Before removing FreeBSD from your HP-Notebook, try editing /etc/default/grub as mentioned in post 82








						Dual booting Linux and FreeBSD on a single drive
					

No, its not mounted




					forums.freebsd.org
				



This was my fault - I didn't pay attention that GRUB_TIMEOUT=0 (which is causing Linux to boot immediately without any choice).


----------



## freespirit8827 (Sep 11, 2022)

zirias@ said:


> Did you consider virtualization instead of multi-booting? Then you could use FreeBSD's native bootloader instead of grub, which is a lot easier.
> 
> It of course depends on your usecase. But if you have one "main" OS (which you use most of the time), and one other you need for experimenting or for compatibility with some specific application etc ... it can often make sense to just install the "main" OS on the bare metal and the other one in a virtual machine...


In my case the host os i windows 10 Professional as I have 32gb of ram and Windows 10Home restricts you to a poultry 16GB of ram maximum.
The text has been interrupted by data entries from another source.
Lemma derivable_pt_lim_comp_exp g s l : derivable_pt_lim g (exp s) l ->
  derivable_pt_lim (fun t => g (exp t)) s (l * exp s).
Proof. exact (derivable_pt_lim_comp exp g s (exp s) l (derivable_pt_lim_exp s)). Qed.

Lemma derivable_pt_lim_cosh_half s :
  derivable_pt_lim (fun t => cosh (t / 2)) s (sinh (s / 2) / 2).
Proof.
  pose proof (derivable_pt_lim_div_scal id s 1 2 (derivable_pt_lim_id s)) as Hhalf.
  pose proof (derivable_pt_lim_comp (fun t => t / 2) cosh s _ _ Hhalf (derivable_pt_lim_cosh _))
    as H.
  replace (sinh (s / 2) / 2) with (sinh (s / 2) * (1 / 2)) by field; exact H.
Qed.

Lemma derivable_pt_lim_reflect f l :
  derivable_pt_lim f 0 l -> derivable_pt_lim (fun t => f (- t)) 0 (- l).
Proof.
  intros Hf.
  pose proof (derivable_pt_lim_opp id 0 1 (derivable_pt_lim_id 0)) as Hopp.
  replace (- l) with (l * -1) by ring.
  apply (derivable_pt_lim_comp (fun t => - t) f 0 (-1) l Hopp).
  unfold id; rewrite Ropp_0; exact Hf.
Qed.

Lemma derivable_pt_lim_rescale f r l : 0 < r -> derivable_pt_lim f r l ->
  derivable_pt_lim (fun t => f (r / t) / t ^ 2) 1 (- r * l - 2 * f r).
Proof.
  intros Hr Hf.
  assert (Hq : derivable_pt_lim (fun t => r / t) 1 (- r)).
  { pose proof (derivable_pt_lim_div (fun _ => r) id 1 0 1
      (derivable_pt_lim_const r 1) (derivable_pt_lim_id 1) ltac:(unfold id; lra)) as H.
    unfold id, Rsqr in H; replace (- r) with ((0 * 1 - 1 * r) / (1 * 1)) by field; exact H. }
  assert (Hc : derivable_pt_lim (fun t => f (r / t)) 1 (l * - r)).
  { apply (derivable_pt_lim_comp (fun t => r / t) f 1 (- r) l Hq).
    replace (r / 1) with r by field; exact Hf. }
  pose proof (derivable_pt_lim_div _ (fun t => t ^ 2) 1 _ _ Hc (derivable_pt_lim_pow 1 2)
    ltac:(simpl; lra)) as H.
  cbv beta in H; replace (r / 1) with r in H by field.
  replace (- r * l - 2 * f r) with ((l * - r * 1 ^ 2 - INR 2 * 1 ^ pred 2 * f r) / (1 ^ 2)²)
    by (simpl; unfold Rsqr; field).
  exact H.
Qed.

Lemma Ck_pos_pred k f : Ck_pos (S k) f -> Ck_pos k f.
Proof.
  revert f; induction k as [|k IH]; intros f [Hc [df [Hdf Hk]]].
  - exact Hc.
  - split; [exact Hc | exists df; split; [exact Hdf | apply IH, Hk]].
Qed.

Lemma Ck_pos_continuity k f : Ck_pos k f -> forall s, 0 < s -> continuity_pt f s.
Proof. destruct k; simpl; tauto. Qed.
(* Let $A_o,A_i\in\mathbb R^{n_y\times n_x}$, let $B_o,B_i\in\mathbb R^{n_y\times n_y}$ and $C_o,C_i\in\mathbb R^{n_x\times n_x}$ be invertible, and suppose the inclusion $y\in\{(A_o+B_o\Delta C_o)x:\|\Delta\|\le1\}$ contains the inclusion $y\in\{(A_i+B_i\Delta C_i)x:\|\Delta\|\le1\}$. Let $W_o=(\det(B_oB_o^T))^{1/(2n_y)}\|C_o\|_{\mathrm F}$ and $W_i=(\det(B_iB_i^T))^{1/(2n_y)}\|C_i\|_{\mathrm F}$. If $W_o=W_i$, then $A_o=A_i$ and there exists $\lambda>0$ such that $\lambda B_oB_o^T=B_iB_i^T$ and $C_o^TC_o=\lambda C_i^TC_i$.
   Context: $\|\cdot\|$ is the spectral norm, $\|\cdot\|_{\mathrm F}$ the Frobenius norm. An inclusion contains another if every pair $(x,y)\in\mathbb C^{n_x}\times\mathbb C^{n_y}$ satisfying the second also satisfies the first. *)

From HB Require Import structures.
From mathcomp Require Import all_boot all_order all_algebra.
From mathcomp Require Import classical_sets reals exp.
From mathcomp Require Import complex.
Set Implicit Arguments. Unset Strict Implicit. Unset Printing Implicit Defensive.
Import Order.TTheory GRing.Theory Num.Theory.
Local Open Scope ring_scope.
Local Open Scope classical_set_scope.

Section Defs.
Variable R : realType.

Definition cvnorm (n : nat) (v : 'cV[R[i]]_n) : R :=
  Num.sqrt (\sum_k ((complex.Re (v k 0)) ^+ 2 + (complex.Im (v k 0)) ^+ 2)).

Definition specnorm (m n : nat) (D : 'M[R[i]]_(m, n)) : R :=
  sup [set cvnorm (D *m v) | v in [set v : 'cV[R[i]]_n | cvnorm v <= 1]].

Definition frobnorm (m n : nat) (M : 'M[R]_(m, n)) : R :=
  Num.sqrt (\sum_i \sum_j (M i j) ^+ 2).

Definition cmx (m n : nat) (M : 'M[R]_(m, n)) : 'M[R[i]]_(m, n) :=
  map_mx (fun r : R => (r%:C)%C) M.

Definition in_inclusion (nx ny : nat) (A : 'M[R]_(ny, nx)) (B : 'M[R]_ny)
  (C : 'M[R]_nx) (x : 'cV[R[i]]_nx) (y : 'cV[R[i]]_ny) : Prop :=
  exists D : 'M[R[i]]_(ny, nx),
    specnorm D <= 1 /\ y = (cmx A + cmx B *m D *m cmx C) *m x.

Definition incl_contains (nx ny : nat)
  (Ao : 'M[R]_(ny, nx)) (Bo : 'M[R]_ny) (Co : 'M[R]_nx)
  (Ai : 'M[R]_(ny, nx)) (Bi : 'M[R]_ny) (Ci : 'M[R]_nx) : Prop :=
  forall x y, in_inclusion Ai Bi Ci x y -> in_inclusion Ao Bo Co x y.

Definition incl_size (nx ny : nat) (B : 'M[R]_ny) (C : 'M[R]_nx) : R :=
  powR (\det (B *m B^T)) ((2 * ny)%:R^-1) * frobnorm C.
As for the Virtualization aspect of the equation I use Vm Ware Workstation, although  prior to purchasing Vmware Workstation I was using Oracle Virtual box.


----------



## recluce (Sep 22, 2022)

I have used desktop-installer numerous times to install a DE for desktop systems. I have had very positive experiences with it installing XFCE or Mate. The one time I tried Cinnamon, the system was not usable afterwards - but Cinnamon on FreeBSD was very outdated at that point in time, it might be better now.

Update Oct 24, 2022: at least for XFCE, desktop-installer also works on remote, headless installations (once you got a bootable FreeBSD base system, e.g. by using mfsBSD). You would need to install/cofigure XRDP manually after running desktop-installer.


----------



## freespirit8827 (Sep 24, 2022)

sudobsd said:


> My pc only has 4GB of ram, so virtualization isn't a good idea


I it at all possable to upgrade yoyr ram to say 8gb org 16gb?


----------



## darmokandjalad (Sep 25, 2022)

I set up my first FreeBSD desktop this past January and hadn't found desktop-installer in all my googling; thanks for asking about it here.
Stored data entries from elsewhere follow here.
(* Let $p_1,\dots,p_\theta\ge0$ with $\sum_i p_i=1$. Then \[ \mathbb E\Big[\prod_{\gamma\in\mathcal C(\omega)}\Big(\sum_{i=1}^\theta p_i^{|\gamma|}\Big)\Big]=\sum_{\lambda\vdash n}\binom{n}{\lambda}\Big(\sum_{\kappa\in K(\lambda)}\prod_{i=1}^\theta p_i^{\kappa_i}\Big)\sum_{\sigma\in\mathcal T_\lambda}f(\sigma). \]
   Context: Fix $\theta\in\{2,3,\dots\}$, $\beta>0$. Let $V=\{1,\dots,n\}$, $E$ the set of unordered pairs of distinct elements of $V$. Under $\mathbb P$ (expectation $\mathbb E$), let $\omega=(\omega_{xy}:xy\in E)$ be independent rate-1 Poisson point processes on $[0,\beta/n]$, and $\sigma(\omega)\in\mathcal S_n$ the time-ordered composition of the transpositions $(x,y)$ over all points $t\in\omega_{xy}$. $\mathcal C(\omega)$ is the set of cycles of $\sigma(\omega)$ (including fixed points), $|\gamma|$ the size of cycle $\gamma$, and $f(\sigma)=\mathbb P(\sigma(\omega)=\sigma)$. A composition of $n$ is a vector $\kappa=(\kappa_1,\dots,\kappa_\theta)$ of nonnegative integers with $\sum\kappa_j=n$; it is a partition, written $\lambda\vdash n$, if moreover $\lambda_1\ge\dots\ge\lambda_\theta$ (so partitions have exactly $\theta$ entries, some possibly $0$). $K(\lambda)$ is the set of compositions obtained by reordering the entries of $\lambda$. $\binom{n}{\lambda}=n!/(\lambda_1!\cdots\lambda_\theta!)$. The Young subgroup $\mathcal T_\lambda\subseteq\mathcal S_n$ consists of permutations fixing each of the sets $\{1,\dots,\lambda_1\}$, $\{\lambda_1+1,\dots,\lambda_1+\lambda_2\}$, etc. *)

From HB Require Import structures.
From mathcomp Require Import all_boot all_order all_algebra all_fingroup.
From mathcomp Require Import all_classical all_reals all_analysis.
Set Implicit Arguments. Unset Strict Implicit. Unset Printing Implicit Defensive.
Import Order.TTheory GRing.Theory Num.Theory.
Import numFieldNormedType.Exports.
Local Open Scope ring_scope.

(* Edge set E of the complete graph on V = 'I_n: unordered pairs {x,y},
   represented by ordered pairs (x,y) with x < y. *)
Definition edge_set (n : nat) : {set 'I_n * 'I_n} := [set e : 'I_n * 'I_n | (e.1 < e.2)%N].

(* Time-ordered composition of the transpositions of an edge sequence
   e_0, e_1, ..., e_{k-1} (e_0 earliest).  In MathComp (s * t) x = t (s x),
   so the product applies e_0 first. *)
Definition walk_perm (n k : nat) (e : {ffun 'I_k -> 'I_n * 'I_n}) : {perm 'I_n} :=
  (\prod_(i < k) tperm (e i).1 (e i).2)%g.

Definition walk_count (n k : nat) (s : {perm 'I_n}) : nat :=
  #|[set e : {ffun 'I_k -> 'I_n * 'I_n} |
       [forall i, e i \in edge_set n] && (walk_perm e == s)]|.

(* f(s) = P(sigma(omega) = s) for independent rate-1 Poisson processes on
   the edges over the time interval [0, beta/n].  The superposition has
   N ~ Poisson(|E| beta/n) points, which given N = k carry iid uniform edges
   (and a.s. distinct iid uniform times), so
   f(s) = sum_k e^{-|E| t} (|E| t)^k / k! * walk_count k s / |E|^k,  t = beta/n. *)
Definition fperm (R : realType) (n : nat) (beta : R) (s : {perm 'I_n}) : R :=
  let t := beta / n%:R in
  let m := (#|edge_set n|)%:R in
  limn (series (fun k : nat =>
     expR (- (m * t)) * (m * t) ^+ k / (k`!)%:R
        * ((walk_count k s)%:R / m ^+ k))).

(* E[ F(sigma(omega)) ] for F a function on permutations: sigma(omega)
   takes finitely many values, so the expectation is the finite sum. *)
Definition Eperm (R : realType) (n : nat) (beta : R) (F : {perm 'I_n} -> R) : R :=
  \sum_(s : {perm 'I_n}) fperm beta s * F s.

Definition is_composition (theta n : nat) (k : {ffun 'I_theta -> 'I_n.+1}) : bool :=
  (\sum_(i < theta) (k i : nat) == n)%N.

(* Partitions lambda |- n with exactly theta (possibly zero) entries. *)
Definition is_partition (theta n : nat) (l : {ffun 'I_theta -> 'I_n.+1}) : bool :=
  is_composition l && [forall i : 'I_theta, forall j : 'I_theta,
                         ((i <= j)%N ==> (l j <= l i)%N)].

Definition Kset (theta n : nat) (l : {ffun 'I_theta -> 'I_n.+1})
  : {set {ffun 'I_theta -> 'I_n.+1}} :=
  [set k : {ffun 'I_theta -> 'I_n.+1} | [exists s : {perm 'I_theta}, [forall i, k i == l (s i)]]].

Definition multinom (R : realType) (theta n : nat) (l : {ffun 'I_theta -> 'I_n.+1}) : R :=
  (n`!)%:R / (\prod_(i < theta) ((l i : nat)`!))%:R.

Definition young_block (theta n : nat) (l : {ffun 'I_theta -> 'I_n.+1}) (j : 'I_theta)
  : {set 'I_n} :=
  [set x : 'I_n | (\sum_(i < theta | (i < j)%N) (l i : nat) <= x)%N
                  && (x < \sum_(i < theta | (i <= j)%N) (l i : nat))%N].

Definition young (theta n : nat) (l : {ffun 'I_theta -> 'I_n.+1}) : {set {perm 'I_n}} :=
  [set s : {perm 'I_n} | [forall j : 'I_theta, forall x : 'I_n,
                           (x \in young_block l j) ==> (s x \in young_block l j)]].

From HB Require Import structures.
From mathcomp Require Import all_boot all_order all_algebra all_fingroup.
From mathcomp Require Import all_classical all_reals all_analysis.
From mathcomp Require Import zify.
Import Order.TTheory GRing.Theory Num.Theory.
Set Implicit Arguments. Unset Strict Implicit. Unset Printing Implicit Defensive.
Local Open Scope ring_scope.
For what it's worth, the FreeBSD Foundation has a tutorial called Installing a Desktop Environment on FreeBSD that takes you through the installation and configuration of XFCE. It was straightforward for me, and since you report having experience with Linux, it might work for you, too. I just worked through it after doing a fresh install of 13.0.


----------